3 Editing Tips to Eliminate Extra Words — Carolyn Wilker
You’ve looked through the guidelines and editor’s notes a second time after researching, outlining and writing the article, and you realize there’s one thing you missed, or forgotten. There are at least a hundred more words than the editor wants.
That may be true. You’ve poured time and effort into your writing, and you may have done it well, however, editors are serious about word count. You may ask, “Do I really have to cut the words I worked so hard to write?”
The answer is yes. In a book you have more room to explore a topic. Even then an editor may ask you to cut words that don’t serve the topic well, are repetitive or just wrong in the context.
Space and time
Keep in mind that editors read a lot of submissions and that the words you write must fit into an allotted space in a magazine or newspaper. Space costs money in a magazine or paper. There’s only so much room.
If it’s a paper for college or university, the instructor could be up until midnight every night trying to get the marking done on all those wordy papers.
Then there’s clarity as well. The editor or instructor need to know that you can write clearly about a topic, get to the point, and come up with a solution.
Ways to cut words
Having proofread undergraduate and Master’s papers, edited books, articles and newsletters, and experienced with my own writing, I’ve learned some strategies to cut words in any article or paper, without losing meaning—aside from a topic that’s too broad, which is a different matter entirely.

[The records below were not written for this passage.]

(* Let $m,n$ be positive integers, let $r_b>0$ and $r_w>0$ be real numbers, and let $R_{th0}>0$ be a real number with $R_{th0}> m r_b + n r_w$. Define the sequence $(R^{(l)}_{th})_{l\ge 0}$ by $R^{(0)}_{th}=R_{th0}$ and, for $l\ge 1$, \[ \ln\big(R^{(l)}_{th}\big) = \ln(R_{th0}) - \frac{1}{mn}\sum_{i=1}^{m}\sum_{j=1}^{n}\ln\!\left(1-\frac{i r_b + j r_w}{R^{(l-1)}_{th}}\right). \] Then the sequence $(R^{(l)}_{th})_{l\ge0}$ converges, and its limit $R_{th\_array}$ is a solution of the equation \[ \ln(R_{th0})=\frac{1}{mn}\sum_{i=1}^{m}\sum_{j=1}^{n}\ln\big(R_{th\_array}-i r_b-j r_w\big). \]
   Context: This iteration is the paper's ''STMC threshold solver algorithm'' for computing a single read resistance threshold for an $m\times n$ crossbar memory array with wordline interconnect resistance $r_w$ and bitline interconnect resistance $r_b$ per cell; $R_{th0}$ is the optimal read resistance threshold when line resistance is ignored. (The paper's algorithm also stops after a fixed number of iterations or when successive iterates differ by at most a tolerance $\epsilon$; the lemma concerns the limit of the unstopped iteration.) *)

From Stdlib Require Import Reals.
From Coquelicot Require Import Coquelicot.
Open Scope R_scope.

Definition avg_grid (m n : nat) (f : nat -> nat -> R) : R :=
  / (INR m * INR n) *
  sum_n_m (fun i => sum_n_m (fun j => f i j) 1 n) 1 m.

Definition stmc_step (m n : nat) (rb rw Rth0 Rold : R) : R :=
  exp (ln Rth0 - avg_grid m n
         (fun i j => ln (1 - (INR i * rb + INR j * rw) / Rold))).

Fixpoint stmc_seq (m n : nat) (rb rw Rth0 : R) (l : nat) : R :=
  match l with
  | O => Rth0
  | S l' => stmc_step m n rb rw Rth0 (stmc_seq m n rb rw Rth0 l')
  end.

From Stdlib Require Import Reals Lra Lia Psatz.
From Coquelicot Require Import Coquelicot.
Open Scope R_scope.

(* Let T be the STMC step and C = m rb + n rw. On (C, +oo) the map T is
   decreasing and bounded below by Rth0, so the even iterates increase, the odd
   ones decrease, and their limits are exchanged by T.  Everything rests on T
   having no 2-cycle P < Q.  Averaging the cycle equations over the grid gives
   P Q <= C (P + Q), i.e. x + y >= 1 for x = C/Q < y = C/P; the concavity of
   u |-> u^t gives ln (1 - x) (alpha + ln x) <= ln (1 - y) (alpha + ln y) with
   alpha = ln (Rth0 / C) > 0; and ln y ln (1 - y) <= ln x ln (1 - x) whenever
   x + y >= 1.  Together these contradict ln (1 - y) < ln (1 - x).  So both
   limits coincide with a fixed point of T, which is the stated equation. *)

Lemma sum_n_m_le_loc (u v : nat -> R) (p q : nat) :
  (forall k, (p <= k <= q)%nat -> u k <= v k) -> sum_n_m u p q <= sum_n_m v p q.
Proof.
  intros Huv.
  rewrite (sum_n_m_ext_loc v (fun k => Rmax (u k) (v k))).
  - apply sum_n_m_le; intros; apply Rmax_l.
  - intros k Hk; rewrite Rmax_right; auto.
Qed.

Lemma continuity_pt_sum_n_m (f : nat -> R -> R) (p q : nat) (x : R) :
  (forall k, (p <= k <= q)%nat -> continuity_pt (f k) x) ->
  continuity_pt (fun y => sum_n_m (fun k => f k y) p q) x.
Proof.
  induction q as [|q IHq]; intros Hf.
  - destruct p as [|p].
    + apply (continuity_pt_ext (f 0%nat)); [intros y; now rewrite sum_n_n|].
      apply Hf; lia.
    + apply (continuity_pt_ext (fun _ => 0)); [intros y; now rewrite sum_n_m_zero by lia|].
      apply continuity_pt_const; intros ??; reflexivity.
  - destruct (Nat.le_gt_cases p (S q)) as [Hpq|Hqp].
    + apply (continuity_pt_ext (fun y => sum_n_m (fun k => f k y) p q + f (S q) y)).
      { intros y; now rewrite sum_n_Sm. }
      apply continuity_pt_plus; [apply IHq; intros k Hk|]; apply Hf; lia.
    + apply (continuity_pt_ext (fun _ => 0)); [intros y; now rewrite sum_n_m_zero by lia|].
      apply continuity_pt_const; intros ??; reflexivity.
Qed.

Section GridAverage.

Variables m n : nat.
Hypotheses (m_pos : (0 < m)%nat) (n_pos : (0 < n)%nat).

Lemma avg_grid_ext (f g : nat -> nat -> R) :
  (forall i j, (1 <= i <= m)%nat -> (1 <= j <= n)%nat -> f i j = g i j) ->
  avg_grid m n f = avg_grid m n g.
Proof.
  intros Hfg; unfold avg_grid; f_equal.
  apply sum_n_m_ext_loc; intros i Hi; apply sum_n_m_ext_loc; intros j Hj; auto.
Qed.

Lemma avg_grid_le (f g : nat -> nat -> R) :
  (forall i j, (1 <= i <= m)%nat -> (1 <= j <= n)%nat -> f i j <= g i j) ->
  avg_grid m n f <= avg_grid m n g.
Proof.
  intros Hfg; unfold avg_grid; apply Rmult_le_compat_l.
  - apply Rlt_le, Rinv_0_lt_compat, Rmult_lt_0_compat; apply lt_0_INR; lia.
  - apply sum_n_m_le_loc; intros i Hi; apply sum_n_m_le_loc; intros j Hj; auto.
Qed.

Lemma avg_grid_plus (f g : nat -> nat -> R) :
  avg_grid m n (fun i j => f i j + g i j) = avg_grid m n f + avg_grid m n g.
Proof.
  unfold avg_grid; rewrite <- Rmult_plus_distr_l; f_equal.
  rewrite <- (sum_n_m_plus (G := R_AbelianMonoid)); apply sum_n_m_ext; intros i.
  apply (sum_n_m_plus (G := R_AbelianMonoid)).
Qed.

Lemma avg_grid_scal (K : R) (f : nat -> nat -> R) :
  avg_grid m n (fun i j => K * f i j) = K * avg_grid m n f.
Proof.
  unfold avg_grid.
  rewrite (sum_n_m_ext _ (fun i => K * sum_n_m (fun j => f i j) 1 n)).
  - rewrite (sum_n_m_mult_l (K := R_Ring)); change (mult K) with (Rmult K).
    rewrite <- Rmult_assoc, (Rmult_comm _ K), Rmult_assoc; reflexivity.
  - intros i; apply (sum_n_m_mult_l (K := R_Ring)).
Qed.

Lemma avg_grid_const (K : R) : avg_grid m n (fun _ _ => K) = K.
Proof.
  unfold avg_grid.
  rewrite (sum_n_m_ext _ (fun _ => INR n * K)).
  - rewrite sum_n_m_const; replace (S m - 1)%nat with m by lia.
    assert (0 < INR m) by (apply lt_0_INR; lia).
    assert (0 < INR n) by (apply lt_0_INR; lia).
    field; lra.
  - intros i; rewrite sum_n_m_const; now replace (S n - 1)%nat with n by lia.
Qed.

Lemma continuity_pt_avg_grid (f : nat -> nat -> R -> R) (x : R) :
  (forall i j, (1 <= i <= m)%nat -> (1 <= j <= n)%nat -> continuity_pt (f i j) x) ->
  continuity_pt (fun y => avg_grid m n (fun i j => f i j y)) x.
Proof.
  intros Hf; unfold avg_grid.
  apply continuity_pt_mult; [apply continuity_pt_const; intros ??; reflexivity|].
  apply (continuity_pt_sum_n_m (fun i y => sum_n_m (fun j => f i j y) 1 n)).
  intros i Hi; apply continuity_pt_sum_n_m; intros j Hj; auto.
Qed.

End GridAverage.

Lemma ln_le_sub_1 (x : R) : 0 < x -> ln x <= x - 1.
Proof. intros Hx; pose proof (exp_ineq1_le (ln x)) as H; rewrite exp_ln in H; lra. Qed.

Lemma is_derive_nonneg_le (f df : R -> R) (x y : R) :
  x <= y ->
  (forall z, x <= z <= y -> is_derive f z (df z)) ->
  (forall z, x <= z <= y -> 0 <= df z) ->
  f x <= f y.
Proof.
  intros Hxy Hd Hpos.
  destruct (MVT_gen f x y df) as [z [Hz Hf]];
    rewrite ?Rmin_left, ?Rmax_right in * by lra.
  - intros z Hz; apply Hd; lra.
  - intros z Hz; apply derivable_continuous_pt, ex_derive_Reals_0.
    exists (df z); apply Hd; lra.
  - pose proof (Hpos z Hz); nra.
Qed.

Lemma xlnx_one_sub_le (x : R) : 1/2 <= x < 1 -> (1 - x) * ln (1 - x) <= x * ln x.
Proof.
  intros Hx.
  (* G (1/2) = 0, and G' >= 0 on [1/2, 1) because ln y >= 1 - 1/y. *)
  set (G := fun y => y * ln y / (1 - y) - ln (1 - y)).
  assert (HG : G (1/2) <= G x).
  { apply (is_derive_nonneg_le G (fun y => (ln y + 2 * (1 - y)) / (1 - y) ^ 2)); [lra| |].
    - intros y Hy; unfold G; auto_derive; [lra|]; field; lra.
    - intros y Hy; pose proof (ln_le_sub_1 (/ y) ltac:(apply Rinv_0_lt_compat; lra)) as Hln.
      rewrite ln_Rinv in Hln by lra.
      assert (Hq : 0 <= (2 * y - 1) * (1 - y) / y)
        by (apply Rmult_le_pos; [nra | apply Rlt_le, Rinv_0_lt_compat; lra]).
      replace ((2 * y - 1) * (1 - y) / y) with (1 - / y + 2 * (1 - y)) in Hq by (field; lra).
      apply Rmult_le_pos; [lra | apply Rlt_le, Rinv_0_lt_compat; nra]. }
  assert (HG0 : G (1/2) = 0) by (unfold G; field_simplify (1 - 1/2); field).
  rewrite HG0 in HG; unfold G in HG.
  assert (H : 0 <= (1 - x) * (x * ln x / (1 - x) - ln (1 - x))) by (apply Rmult_le_pos; lra).
  replace ((1 - x) * (x * ln x / (1 - x) - ln (1 - x)))
    with (x * ln x - (1 - x) * ln (1 - x)) in H by (field; lra).
  lra.
Qed.

Lemma ln_mul_ln_one_sub_antitone (s t : R) :
  1/2 <= s <= t -> t < 1 -> ln t * ln (1 - t) <= ln s * ln (1 - s).
Proof.
  intros Hs Ht.
  enough (H : - (ln s * ln (1 - s)) <= - (ln t * ln (1 - t))) by lra.
  apply (is_derive_nonneg_le (fun y => - (ln y * ln (1 - y)))
           (fun y => ln y / (1 - y) - ln (1 - y) / y)); [lra| |].
  - intros y Hy; auto_derive; [lra|]; replace (1 + - y) with (1 - y) by ring; field; lra.
  - intros y Hy; pose proof (xlnx_one_sub_le y ltac:(lra)).
    replace (ln y / (1 - y) - ln (1 - y) / y)
      with ((y * ln y - (1 - y) * ln (1 - y)) / (y * (1 - y))) by (field; lra).
    apply Rmult_le_pos; [lra | apply Rlt_le, Rinv_0_lt_compat; nra].
Qed.

Lemma ln_mul_ln_one_sub_le (x y : R) :
  0 < x < y -> y < 1 -> 1 <= x + y -> ln y * ln (1 - y) <= ln x * ln (1 - x).
Proof.
  intros Hxy Hy Hsum.
  destruct (Rle_dec (1/2) x).
  - apply ln_mul_ln_one_sub_antitone; lra.
  - replace (ln x * ln (1 - x)) with (ln (1 - x) * ln (1 - (1 - x)))
      by (replace (1 - (1 - x)) with x by ring; ring).
    apply ln_mul_ln_one_sub_antitone; lra.
Qed.

Lemma exp_le_compat (x y : R) : x <= y -> exp x <= exp y.
Proof. intros [Hxy|Hxy]; [apply Rlt_le, exp_increasing, Hxy | rewrite Hxy; apply Rle_refl]. Qed.

Lemma Rpower_le_tangent (r t : R) : 0 < r -> 0 <= t <= 1 -> Rpower r t <= 1 + t * (r - 1).
Proof.
  intros Hr Ht.
  set (s := 1 + t * (r - 1)).
  assert (Hs : 0 < s) by (unfold s; nra).
  (* Concavity of ln, t ln r + (1 - t) ln 1 <= ln s, from ln z <= z - 1 at r/s and 1/s. *)
  assert (H1 : ln (r / s) <= r / s - 1) by (apply ln_le_sub_1, Rdiv_lt_0_compat; lra).
  assert (H2 : ln (1 / s) <= 1 / s - 1) by (apply ln_le_sub_1, Rdiv_lt_0_compat; lra).
  rewrite ln_div in H1, H2 by lra; rewrite ln_1 in H2.
  assert (t * (r / s - 1) + (1 - t) * (1 / s - 1) = 0) by (unfold s in *; field; lra).
  unfold Rpower; rewrite <- (exp_ln s) by lra.
  apply exp_le_compat; nra.
Qed.

Lemma Rpower_concave (l y t : R) : 0 <= l <= 1 -> 0 < y -> 0 <= t <= 1 ->
  (1 - l) + l * Rpower y t <= Rpower (1 - l + l * y) t.
Proof.
  intros Hl Hy Ht.
  set (s := 1 - l + l * y).
  assert (Hs : 0 < s) by (unfold s; nra).
  (* Factor out s^t and bound (1/s)^t, (y/s)^t by the tangent at 1;
     the l-average of the two bounds is 1. *)
  assert (E1 : Rpower y t = Rpower s t * Rpower (y / s) t).
  { rewrite Rpower_mult_distr by (try apply Rdiv_lt_0_compat; lra). f_equal; field; lra. }
  assert (E0 : 1 = Rpower s t * Rpower (1 / s) t).
  { rewrite Rpower_mult_distr by (try apply Rdiv_lt_0_compat; lra).
    replace (s * (1 / s)) with 1 by (field; lra).
    unfold Rpower; rewrite ln_1, Rmult_0_r, exp_0; reflexivity. }
  pose proof (Rpower_le_tangent (y / s) t ltac:(apply Rdiv_lt_0_compat; lra) Ht) as By.
  pose proof (Rpower_le_tangent (1 / s) t ltac:(apply Rdiv_lt_0_compat; lra) Ht) as B1.
  assert (Hsum : (1 - l) * (1 + t * (1 / s - 1)) + l * (1 + t * (y / s - 1)) = 1)
    by (unfold s in *; field; lra).
  assert (Pst : 0 < Rpower s t) by apply exp_pos.
  rewrite E1; rewrite E0 at 1.
  assert (Hcomb : (1 - l) * Rpower (1 / s) t + l * Rpower (y / s) t <= 1) by nra.
  nra.
Qed.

Here are three ways you can work on cutting words.
1. Repetition: Perhaps you have been struggling with the best way of expressing a thought and say it twice. That’s when it’s helpful to get someone else to look over your article— a fellow writer or critique partner or, in the case of a school paper, someone outside your student group.
2. Wordiness: Consider this sentence: “In terms of the logistics for the environmental project, we can diminish the cost by the end of the day, so that our long-term goals of efficiency are met while still ultimately providing our clients with a positive customer experience.” What a mouthful! Which words can be cut? In terms of and by the end of the day as well as the adverb ultimately add to the sentence without helping. The word diminish can be changed to cut. Try: “Concerning logistics of the environmental project, we can cut costs and still provide a positive customer experience.” Recasting the whole sentence is sometimes the best option and would be even better in this example than fixing the sentence.
3. Choose the right words: Finding the right nouns and verbs mean that the meaning will be more precise. Instead of walked slowly, how about strolled or ambled? Instead of I fell to the floor in shock, would I fainted work? It depends on the meaning you are trying to convey. A thesaurus is a great tool for choosing the right words.
Remember, besides word count, it’s all about your audience and how they understand your message. Will your readers stay with you to the end, or will you turn them off?